Due to client pool limitations, faculty may find challenges in cultivating intentionally diverse learning situations for veterinary students. As faculty and administrators assist students in developing their clinical experience schedules, it is critical for students to be reminded that experiences should provide the opportunity to achieve learning objectives related to diversity, cultural competence, and cultural humility. Helping students find opportunities to engage with a wider clientele outside of the college or even the country may be necessary in achieving these goals. Additionally, novel approaches like virtual gaming, Sims for example, provide faculty with effective opportunities for targeted, project-based learning in these areas (Jarmon et al., 2009).

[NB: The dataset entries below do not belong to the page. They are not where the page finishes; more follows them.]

(* Fix a positive integer $z$. There is a randomized algorithm that uses only the ordinal profile and makes no distance queries. On every finite metric space $(X,d)$ with $|X|=n$ and every consistent profile, it outputs a set $C\subseteq X$ with $|C|=O(\log n)$ such that, with probability at least $2/3$, $\phi_C(X)\le O(1)\cdot\mathrm{OPT}_{2,z}(X,d)$. The constant in $O(1)$ is independent of $n$ and of the instance.
   Context: Ordinal query model: $(X,d)$ is a finite metric space with $|X|=n$. Every point $x\in X$ reports a ranking $\pi_x$ of all points of $X$ such that $y$ is ranked above $y'$ only if $d(x,y)\le d(x,y')$ (ties broken arbitrarily); the collection is a profile consistent with $d$. An algorithm receives $X$, $k$ and the profile for free. Its only other access to $d$ is by querying exact distances, at a cost of one query each. For $C\subseteq X$, $d(x,C)=\min_{c\in C}d(x,c)$. The $(k,z)$-clustering cost of $C$ is $\phi_C(X)=\left(\sum_{x\in X}d(x,C)^z\right)^{1/z}$, and $\mathrm{OPT}_{k,z}(X,d)=\min_{C\subseteq X,|C|=k}\phi_C(X)$. The output may contain more than $k$ centers (a bicriteria solution), but its cost is compared with the optimum over sets of exactly $k$ centers, here $k=2$. *)

From HB Require Import structures.
From mathcomp Require Import all_boot all_order all_algebra all_fingroup.
From mathcomp Require Import reals exp.
Set Implicit Arguments. Unset Strict Implicit. Unset Printing Implicit Defensive.
Import Order.TTheory GRing.Theory Num.Theory.
Local Open Scope ring_scope.

Definition is_metric (R : realType) (n : nat) (d : 'I_n -> 'I_n -> R) : Prop :=
  (forall x y, 0 <= d x y) /\
  (forall x y, d x y = 0 <-> x = y) /\
  (forall x y, d x y = d y x) /\
  (forall x y w, d x w <= d x y + d y w).

(* An ordinal profile: for each point x, a ranking of all points, given as
   the bijection  rank |-> point  (rank 0 = top of x's list). *)
Definition profile (n : nat) := 'I_n -> {perm 'I_n}.

Definition consistent (R : realType) (n : nat) (d : 'I_n -> 'I_n -> R)
  (pi : profile n) : Prop :=
  forall (x : 'I_n) (i j : 'I_n), (i < j)%N -> d x (pi x i) <= d x (pi x j).

(* d(x,C) = min_{c in C} d(x,c) (for C nonempty; 0 by convention if C = set0). *)
Definition dist_set (R : realType) (n : nat) (d : 'I_n -> 'I_n -> R)
  (x : 'I_n) (C : {set 'I_n}) : R :=
  if [pick c in C] is Some c0 then \big[Order.min/d x c0]_(c in C) d x c else 0.

Definition cost (R : realType) (n : nat) (d : 'I_n -> 'I_n -> R) (z : nat)
  (C : {set 'I_n}) : R :=
  powR (\sum_(x : 'I_n) (dist_set d x C) ^+ z) (z%:R^-1).

Definition OPT (R : realType) (n : nat) (d : 'I_n -> 'I_n -> R) (k z : nat) : R :=
  let dflt := if [pick C : {set 'I_n} | #|C| == k] is Some C0 then cost d z C0 else 0 in
  \big[Order.min/dflt]_(C : {set 'I_n} | #|C| == k) cost d z C.

Definition is_distr (R : realType) (T : finType) (p : {ffun T -> R}) : Prop :=
  (forall t, 0 <= p t) /\ \sum_t p t = 1.

(* A randomized algorithm that sees only n (i.e. X) and the profile (no distance
   queries): its output is a probability distribution over subsets of X. *)
Definition ordinal_algorithm (R : realType) :=
  forall n : nat, profile n -> {ffun {set 'I_n} -> R}.

From HB Require Import structures.
From mathcomp Require Import all_boot all_order all_algebra all_fingroup.
From mathcomp Require Import reals exp.
From mathcomp Require Import zify ring lra.
Import Order.TTheory GRing.Theory Num.Theory.
Local Open Scope ring_scope.

Set Implicit Arguments.
Unset Strict Implicit.
Unset Printing Implicit Defensive.

(* The algorithm draws a uniform pair (y, r) of points and returns y together
   with, for every scale 2 ^ i <= n, the (r mod 2 ^ i)-th point from the bottom
   of y's ranking, i.e. a uniform point among the 2 ^ i points farthest from y.
   Fix optimal centers e, f with y nearer to e. By Markov, with probability
   5/6 the point y is typical: n d(y, e) ^ z = O(OPT ^ z), so y serves e's
   cluster. If y also serves f's cluster F we are done. Otherwise let W be the
   points much nearer to f than the typical member of F, N the outliers of F
   (|N| << |F| by Markov again), and 2 ^ i <= |W| < 2 ^ (i + 1). A point
   outside W and N is nearer to e than to f, and then (since d(y, f) is large)
   nearer to y than every point of W; so the 2 ^ i points farthest from y lie in
   W or N, and the sample at scale i is in W, hence serves F, except with
   probability 1/6. *)

Section PowerInequalities.
Variables (R : realFieldType) (z : nat).

Lemma exprD_le2 (u v : R) : 0 <= u -> 0 <= v ->
  (u + v) ^+ z <= 2 ^+ z * (u ^+ z + v ^+ z).
Proof.
wlog huv : u v / u <= v => [hwlog hu hv|hu hv].
  by case: (leP u v) => [|/ltW] huv; [|rewrite addrC [u ^+ z + _]addrC]; apply: hwlog.
apply: (@le_trans _ _ ((2 * v) ^+ z)).
  by apply: lerXn2r; rewrite ?nnegrE; lra.
by rewrite exprMn ler_wpM2l ?exprn_ge0 // lerDr exprn_ge0.
Qed.

Lemma exprD_le3 (u v w : R) : 0 <= u -> 0 <= v -> 0 <= w ->
  (u + v + w) ^+ z <= 4 ^+ z * (u ^+ z + v ^+ z + w ^+ z).
Proof.
move=> hu hv hw; apply: le_trans (exprD_le2 (addr_ge0 hu hv) hw) _.
have -> : (4 : R) ^+ z = 2 ^+ z * 2 ^+ z by rewrite -exprMn; congr (_ ^+ _); ring.
rewrite -mulrA ler_wpM2l ?exprn_ge0 // mulrDr lerD ?exprD_le2 //.
by rewrite ler_peMl ?exprn_ge0 // exprn_ege1 //; lra.
Qed.

End PowerInequalities.

Lemma markov_count (R : realFieldType) (T : finType) (F : T -> R) (k t : nat) :
  (forall x, 0 <= F x) ->
  (k * #|[set x | (k%:R * \sum_y F y < t%:R * F x)%R]| <= t)%N.
Proof.
move=> F0; set S := \sum_y F y.
have S0 : 0 <= S by apply: sumr_ge0.
have [S_eq0|Sn0] := eqVneq S 0.
  suff -> : [set x | (k%:R * S < t%:R * F x)%R] = set0 by rewrite cards0 muln0.
  apply/setP => x; rewrite !inE S_eq0 mulr0 (psumr_eq0P _ S_eq0) ?mulr0 ?ltxx //.
have Sp : 0 < S by rewrite lt_def Sn0 S0.
set B := [set x | _].
rewrite -(ler_nat R) natrM -(ler_pM2r Sp).
have -> : k%:R * #|B|%:R * S = \sum_(x in B) k%:R * S.
  by rewrite sumr_const -[RHS]mulr_natr mulrAC.
apply: le_trans (_ : \sum_(x in B) t%:R * F x <= _).
  by apply: ler_sum => x; rewrite inE => /ltW.
rewrite -mulr_sumr ler_wpM2l // [leRHS](bigID [in B]) /= lerDl.
exact: sumr_ge0.
Qed.

Lemma card_ord_lt n t : (#|[set k : 'I_n | (k < t)%N]| <= t)%N.
Proof.
rewrite cardE -(size_map val) -[t in (_ <= t)%N](size_iota 0).
apply: uniq_leq_size; first by rewrite (map_inj_uniq val_inj) enum_uniq.
by move=> x /mapP [k]; rewrite mem_enum inE => kt ->; rewrite mem_iota.
Qed.

Section Costs.
Variables (R : realType) (n : nat) (d : 'I_n -> 'I_n -> R).

Lemma dist_set_le x (C : {set 'I_n}) c : c \in C -> dist_set d x C <= d x c.
Proof.
move=> cC; rewrite /dist_set; case: pickP => [c0 _|/(_ c)]; last by rewrite cC.
exact: bigmin_le_cond.
Qed.

Lemma dist_set_ge0 x (C : {set 'I_n}) :
  (forall u v, 0 <= d u v) -> 0 <= dist_set d x C.
Proof.
by move=> d0; rewrite /dist_set; case: pickP => // c0 _; apply: le_bigmin.
Qed.

Lemma dist_set2 x a b : dist_set d x [set a; b] = Order.min (d x a) (d x b).
Proof.
have inab c : c \in [set a; b] -> Order.min (d x a) (d x b) <= d x c.
  by rewrite !inE => /orP [] /eqP ->; rewrite ge_min lexx ?orbT.
apply/le_anti; rewrite le_min !dist_set_le ?inE ?eqxx ?orbT //=.
rewrite /dist_set; case: pickP => [c0 /inab c0ab|/(_ a)]; last by rewrite !inE eqxx.
exact: le_bigmin.
Qed.

Definition zcost (z : nat) (C : {set 'I_n}) : R := \sum_x dist_set d x C ^+ z.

The hinge point in experiential learning is the need for student reflection before and after experiences. Regular journaling and reflection papers are essential to facilitate student learning; they are not merely assessment tools, although their use as such will be discussed shortly. Reflective assignments assist students in developing a greater sense of self and understanding of the experimental situation; such assignments are also necessary for developing the competencies that lead to positive client relationships (Sandars, 2009). They are time consuming for both faculty and student; however, they are an important teaching tool in programs seeking to develop culturally competent and culturally humble health professionals.